Saying 'no' is the key to achieving more in 2018

"A 'no' to something is a 'yes' to yourself." 

So you've started the year with some strong intentions to avoid the trap of busyness. You're going to do less, and be more! But like all good intentions, they will be tested. One week into 2018 and things feel good; the world has slowed down; your resolve is strong. But the first working Monday is upon you, and you're about to find out that the world has not slowed down at all, it was just taking a nice little break. In fact, everyone has recovered their energy, renewed their focus, and refreshed their priorities... 

Someone is about to ask you to do something, and the only way you can stay on track with your own resolutions is to say 'no'. But can you?

You’re probably a very agreeable person; a reliable friend who people can turn to; a dedicated worker who is known for getting things done; and a person with a strong sense of responsibility. You don’t like to let people down, and you feel guilty when you say ‘no’ to a request. However you are letting someone down. In fact you are letting down the only person who relies on you fully and completely: yourself!

When you lease precious spaces in your day out to other people’s requests, you are shuffling yourself to the back of the queue, deferring your dreams, delaying your priorities, and robbing yourself of the precious time you have been given to live a full life.

When you say ‘yes’ to something, you are always saying ‘no’ to something else. A ‘yes’ to attend a breakfast meeting might be a ‘no’ to your health, because it means you’ll miss your morning run. A ‘yes’ to bringing forward a deadline so someone else can complete their project on time, might mean a 'no' to the deadline for your own goals. A ‘yes’ to a networking event might be a ‘no’ to your family because you'll get home too late to eat dinner together.

While it’s important to be giving and generous to others, the more important question is "Am I letting myself down by saying ‘yes’?

A common reason people struggle with saying ‘no’ is because they can’t find a good excuse at the time. To be honest, you don't need an excuse. You are the only person who can set boundaries for your life, and they don’t need to be explained every time you decide not to cross them. But it is easier to say no if you have some simple responses ready when you need them. Try these:

  •  Thanks for the kind offer/invitation. I won’t be able to take you up on it this time, but I wish you all the best.

  •  That sounds like a great opportunity, but I’ll need to say ‘no’.

  •  Thanks for thinking of me, but I won’t be able to take that on.

  •  I can’t do that right now, without something else falling off my schedule.

    With practice, it gets easier to say ‘no’, but like all habit change, it really does take intentional practice before it becomes more natural. Rather than hoping you'll be ready when those requests come, prepare yourself some "no" notes. 

The 'no’ note

Write yourself five ‘no’ notes for the week. These are permission slips to say ‘no’ to an offer, invitation, extra task or responsibility. It might sound strange, but making them physical, tangible pieces of paper also makes them more real in your mind.

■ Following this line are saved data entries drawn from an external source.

(* Let $\Pi$ be a program of $(d,f)$-tree-like rules without inequalities over the $(\mathrm{Col},\delta)$-signature, and let $\mathcal N_\Pi$ be the GNN constructed from $\Pi$ as described in the context, with $L=d+2$ layers. For every $(\mathrm{Col},\delta)$-dataset $D$, every layer $1\le\ell<L$, every position $1\le i\le\delta_\ell$ and every term $t$ occurring in $D$, letting $\mathbf v_\ell$ be the vector labelling the vertex $v_t$ at layer $\ell$ when $\mathcal N_\Pi$ is applied to $\mathrm{enc}(D)$: the $i$-th component of $\mathbf v_\ell$ equals $1$ if there exists a substitution $\nu$ with $\nu(x)=t$ such that every atom of $\tau_i\nu$ belongs to $D$, and equals $0$ otherwise.
   Context: Datalog basics. Terms are constants or variables; atoms are $P(t_1,\dots,t_n)$; a fact is a variable-free atom; a dataset is a finite set of facts. A rule is $B_1\wedge\dots\wedge B_n\to H$ (literals $B_i$, possibly inequalities $s\neq t$; empty body written $\top$); a program is a finite set of rules. A substitution maps finitely many variables to variable-free terms. For a rule $r$ and dataset $D$, $T_r(D)$ is the set of $H\nu$ for each substitution $\nu$ mapping all variables of $r$ to terms occurring in $D$ such that every instantiated body atom lies in $D$ and every instantiated body inequality $s\neq t$ has $s\neq t$; $T_\Pi(D)=\bigcup_{r\in\Pi}T_r(D)$. Formulas/rules are equal up to variable renaming if a bijection of variables maps one onto the other with exactly the same conjuncts. GNNs and canonical encoding. For finite colour set $\mathrm{Col}$ and $\delta\in\mathbb N$, the $(\mathrm{Col},\delta)$-signature has binary predicates $E^c$ ($c\in\mathrm{Col}$) and unary predicates $U_1,\dots,U_\delta$; a $(\mathrm{Col},\delta)$-dataset is a dataset over it. Its canonical encoding $\mathrm{enc}(D)$ is the graph with a vertex $v_t$ per term $t$ occurring in $D$, edge sets $E^c=\{(v_t,v_s)\mid E^c(t,s)\in D\}$, and feature vector of $v_t$ in $\{0,1\}^\delta$ whose $j$-th entry is $1$ iff $U_j(t)\in D$. A $(\mathrm{Col},\delta)$-GNN with $L$ layers has dimensions $\delta_0=\delta,\dots,\delta_L=\delta$, matrices $A_\ell,B_\ell^c\in\mathbb R^{\delta_\ell\times\delta_{\ell-1}}$, biases $b_\ell\in\mathbb R^{\delta_\ell}$, aggregations $\mathrm{agg}_\ell$, activation $\sigma$ and classification $\mathrm{cls}$; the layer-$\ell$ vector of $v$ is $\mathbf v_\ell=\sigma(A_\ell\mathbf v_{\ell-1}+\sum_cB_\ell^c\,\mathrm{agg}_\ell(\{\!\{\mathbf u_{\ell-1}\mid(v,u)\in E^c\}\!\})+b_\ell)$ with $\mathbf v_0$ the input feature; $T_{\mathcal N}(D)$ is $D$'s binary facts plus $U_i(t)$ for each $t$ and $i$ with $\mathrm{cls}$ of the $i$-th entry of the layer-$L$ vector of $v_t$ equal to $1$. Tree-like formulas. Inductively: $\top$ and $U(x)$ ($U$ unary) are tree-like for $x$; if $\varphi_1,\varphi_2$ are tree-like for $x$ sharing no variable other than $x$, then $\varphi_1\wedge\varphi_2$ is tree-like for $x$; if $\varphi_1,\dots,\varphi_n$ are tree-like for pairwise distinct variables $y_1,\dots,y_n$, none containing $x$ and pairwise variable-disjoint, then $\bigwedge_{i=1}^n(E^c(x,y_i)\wedge\varphi_i)\wedge\bigwedge_{i<j}y_i\neq y_j$ is tree-like for $x$. The fan-out of a variable $x$ is the number of distinct $y$ with some $E^c(x,y)$ a conjunct; the depth of $x$ is the maximal length $n$ of a chain $E^{c_1}(x_0,x_1),\dots,E^{c_n}(x_{n-1},x_n)$ of conjuncts with $x_n=x$; the depth of the formula is the maximum depth of its variables. A formula is $(d,f)$-tree-like if each variable of depth $i$ has $i\le d$ and fan-out at most $f\cdot(d-i)$; a rule is $(d,f)$-tree-like if it is $\varphi\to U(x)$ with $\varphi$ a $(d,f)$-tree-like formula for $x$. Construction of $\mathcal N_\Pi$. Fix natural numbers $d,f$ and a program $\Pi$ of $(d,f)$-tree-like rules without inequalities. Let $\tau_1,\dots,\tau_n$ list, up to variable renaming and each exactly once, all $(d,f)$-tree-like formulas for a fixed variable $x$ without inequalities, ordered by non-decreasing depth. Write each as $\tau_i=\varphi_{i,0}\wedge\bigwedge_{k=1}^{m_i}(E^{c_k}(x,y_k)\wedge\varphi_{i,k})$, where $\varphi_{i,0}$ is a conjunction of unary atoms on $x$ (possibly $\top$), each $\varphi_{i,k}$ ($k\ge1$) is a $(d-1,f)$-tree-like formula for $y_k$ (possibly $\top$), the $\varphi_{i,k}$ are pairwise variable-disjoint, and the colours $c_k$ need not be distinct. $\mathcal N_\Pi$ is the $(\mathrm{Col},\delta)$-GNN with $L=d+2$ layers, aggregation $\max$ (componentwise, $0$ on the empty multiset) in every layer, activation $\mathrm{ReLU}(z)=\max(0,z)$, classification the step function with threshold $1$, and for $1\le\ell<L$ dimension $\delta_\ell$ equal to the number of formulas $\tau_i$ of depth at most $\ell-1$ (so these are $\tau_1,\dots,\tau_{\delta_\ell}$). For $c\in\mathrm{Col}$, $1\le\ell\le L$, $1\le i\le\delta_\ell$, $1\le j\le\delta_{\ell-1}$: $(A_\ell)_{i,j}=1$ if (a) $\ell=1$ and $\tau_i$ contains $U_j(x)$; or (b) $2\le\ell<L$ and either $i\le\delta_{\ell-1}$ and $i=j$, or $\delta_{\ell-1}<i\le\delta_\ell$ and $\varphi_{i,0}$ equals $\tau_j$ (up to renaming); or (c) $\ell=L$ and $\Pi$ contains the rule $\tau_j\to U_i(x)$ up to variable renaming; otherwise $(A_\ell)_{i,j}=0$. $(B_\ell^c)_{i,j}=1$ if $2\le\ell<L$ and there is $1\le k\le m_i$ with $c=c_k$ and $\varphi_{i,k}$ equal to $\tau_j$ up to variable renaming; otherwise $0$. $(b_\ell)_i=1-\sum_{j=1}^{\delta_{\ell-1}}\big((A_\ell)_{i,j}+\sum_{c\in\mathrm{Col}}(B_\ell^c)_{i,j}\big)$ if $\ell=1$, or if $1\le\ell<L$ and $\delta_{\ell-1}<i\le\delta_\ell$; otherwise $(b_\ell)_i=0$.
   Formalization: The matrices $B_\ell^c$ have entries 1 only in rows $\delta_{\ell-1}<i\le\delta_\ell$, not in every row $i\le\delta_\ell$, and in tree-like formulas each $y_i$ differs from $x$ and from all variables of the other conjuncts $E^c(x,y_j)\wedge\varphi_j$. Each condition added here is assumed in the paper as well or is needed for the statement above to hold. This also corrects a misprint. *)

From HB Require Import structures.
From mathcomp Require Import all_boot.
From mathcomp Require Import boolp.
From Stdlib Require Import Reals.
Set Implicit Arguments. Unset Strict Implicit. Unset Printing Implicit Defensive.
(* Let $\alpha>0$, $\hbar>0$, $\sigma>0$ and let $n\geq 2$ be an integer. Define $$\psi_n(p)=N_G\,\Theta(-p)\,p^{n}e^{-\frac{p^{2}}{2\sigma^{2}}},\qquad N_G=\sqrt{\frac{2}{\sigma^{2n+1}\Gamma\left(n+\frac12\right)}},$$ where $\Theta$ is the Heaviside step function (so $\int_{\mathbb{R}}\psi_n^2\,dp=1$), and for $\tau\in\mathbb{R}$ let $$\mathcal{A}_n(\tau)=4\pi\int_{\mathbb{R}}dp\,\frac{\alpha^{4}}{p^{4}}\tau^{2}\,\psi_n(p)^{2}+4\pi\hbar^{2}\int_{\mathbb{R}}dp\,\left(\frac{d\psi_n(p)}{dp}\right)^{2}.$$ Then $\mathcal{A}_n(\tau)$ is finite for every $\tau$, attains its minimum over $\tau\in\mathbb{R}$ at $\tau=0$, and $$\mathcal{A}_n(0)=\frac{4\pi\hbar^{2}}{\sigma^{2}}\left(\frac{4n-1}{4n-2}\right)=4\pi(\Delta a)^{2},$$ where $(\Delta a)^2=\langle\hat a^2\rangle-\langle\hat a\rangle^2$ is the variance of the operator $\hat a=i\hbar\,\frac{d}{dp}$ in the state $\psi_n$, for which $\langle \hat a\rangle=\int\psi_n\, i\hbar\psi_n'\,dp=0$ and $\Delta a=\frac{\hbar}{\sigma}\sqrt{\frac{4n-1}{4n-2}}$.
   Context: $\mathcal{A}_n(\tau)$ is the expectation value of the gauge-invariant area of 2-spheres in the Schwarzschild interior at relational time $\tau$ with clock operator $\hat T=\hat b$, evaluated on the Gaussian-type physical state $\psi_n(p_a)$; $\hat a$ is the areal-radius variable in momentum representation. *)

From Stdlib Require Import Reals.
From Coquelicot Require Import Coquelicot.
Open Scope R_scope.

Definition Gamma (s : R) : R :=
  RInt_gen (fun t => Rpower t (s - 1) * exp (- t)) (at_right 0) (Rbar_locally p_infty).

(* Heaviside step function (value at 0 irrelevant here: it multiplies p^n). *)
Definition Heaviside (x : R) : R := if Rlt_dec 0 x then 1 else 0.

Definition int_R (f : R -> R) : R :=
  RInt_gen f (Rbar_locally m_infty) (Rbar_locally p_infty).
Definition ex_int_R (f : R -> R) : Prop :=
  ex_RInt_gen f (Rbar_locally m_infty) (Rbar_locally p_infty).

Definition N_G (sigma : R) (n : nat) : R :=
  sqrt (2 / (sigma ^ (2 * n + 1) * Gamma (INR n + 1 / 2))).

Definition psi (sigma : R) (n : nat) (p : R) : R :=
  N_G sigma n * Heaviside (- p) * p ^ n * exp (- p ^ 2 / (2 * sigma ^ 2)).

Definition A_integrand1 (alpha sigma : R) (n : nat) (tau p : R) : R :=
  alpha ^ 4 / p ^ 4 * tau ^ 2 * (psi sigma n p) ^ 2.
Definition A_integrand2 (sigma : R) (n : nat) (p : R) : R :=
  (Derive (psi sigma n) p) ^ 2.

Definition A_n (alpha hbar sigma : R) (n : nat) (tau : R) : R :=
  4 * PI * int_R (A_integrand1 alpha sigma n tau)
  + 4 * PI * hbar ^ 2 * int_R (A_integrand2 sigma n).

(* a-hat = i hbar d/dp acting on the real state psi_n *)
Definition expect_a (hbar sigma : R) (n : nat) : C :=
  (0, hbar * int_R (fun p => psi sigma n p * Derive (psi sigma n) p)).
(* <a^2> = int psi (i hbar)^2 psi'' dp = - hbar^2 int psi psi'' dp *)
Definition expect_a2 (hbar sigma : R) (n : nat) : C :=
  (- hbar ^ 2 * int_R (fun p => psi sigma n p * Derive (Derive (psi sigma n)) p), 0).
Definition Delta_a_sq (hbar sigma : R) (n : nat) : C :=
  Cminus (expect_a2 hbar sigma n) (Cmult (expect_a hbar sigma n) (expect_a hbar sigma n)).

From Stdlib Require Import Reals Lra Lia.
From Coquelicot Require Import Coquelicot.
Open Scope R_scope.

(** The state vanishes for p > 0, and for p < 0 every integrand is N_G^2 times a combination
    of the Gaussian moments
      int_{-oo}^0 p^(2k) exp (- p^2 / sigma^2) dp = sigma^(2k+1) K_k,
      K_k = int_0^oo u^(2k) exp (- u^2) du.
    Integrating the derivative of u^(2k+1) exp (- u^2) gives K_(k+1) = (2k+1)/2 K_k, and the
    substitution t = u^2 gives Gamma (k + 1/2) = 2 K_k, so that N_G^2 sigma^(2n+1) K_n = 1.
    Expanded in moments and reduced by the recursion, int psi'^2 and - int psi psi'' both equal
    (4n-1) / ((4n-2) sigma^2); int psi psi' = 0 because psi psi' = (psi^2)'/2; and the
    tau-dependent part of A_n is tau^2 times a nonnegative constant. *)

(** * Improper integrals on half-lines *)

Lemma is_RInt_gen_lim_lower (F : (R -> Prop) -> Prop) {FF : Filter F} (f : R -> R) (b l : R) :
  F (fun a => ex_RInt f a b) -> filterlim (fun a => RInt f a b) F (locally l) ->
  is_RInt_gen f F (at_point b) l.
Proof.
  intros Hex Hlim P HP.
  apply Filter_prod with (fun a => ex_RInt f a b /\ P (RInt f a b)) (fun y => y = b).
  - apply filter_and; [exact Hex | exact (Hlim _ HP)].
  - reflexivity.
  - intros a y [Ha HPa] ->. exists (RInt f a b). split; [exact (RInt_correct _ _ _ Ha) | exact HPa].
Qed.

Lemma is_RInt_gen_lim_upper (F : (R -> Prop) -> Prop) {FF : Filter F} (f : R -> R) (a l : R) :
  F (fun b => ex_RInt f a b) -> filterlim (fun b => RInt f a b) F (locally l) ->
  is_RInt_gen f (at_point a) F l.
Proof.
  intros Hex Hlim P HP.
  apply Filter_prod with (fun x => x = a) (fun b => ex_RInt f a b /\ P (RInt f a b)).
  - reflexivity.
  - apply filter_and; [exact Hex | exact (Hlim _ HP)].
  - intros x b -> [Hb HPb]. exists (RInt f a b). split; [exact (RInt_correct _ _ _ Hb) | exact HPb].
Qed.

On a small piece of paper, write as follows:

I give myself permission to say ‘no’ to this: _____________________ (insert your signature)

Carry them in your pocket or wallet for the week. When you are faced with a situation that you know you should decline, mentally hand yourself one of your ‘no’ notes, then respond to the request with a polite and appropriately worded ‘no’.

Now get the 'no' note out and on the back of it write down all the things you gave back to yourself by saying ‘no’ to that request. Maybe it was time with your children, an opportunity to spend another two hours on something you really wanted to finish, or a peaceful night alone without taking any work home. 

Eventually you will not need the notes. You will naturally assess the trade-offs and make a choice that is a ‘yes’ to the thing that matters most.

+ Check the Trade-off

If you are still stuck, try this. Before saying ‘yes’ to a new thing, identify something that you will give up. If you can’t give up something, then don’t take something on!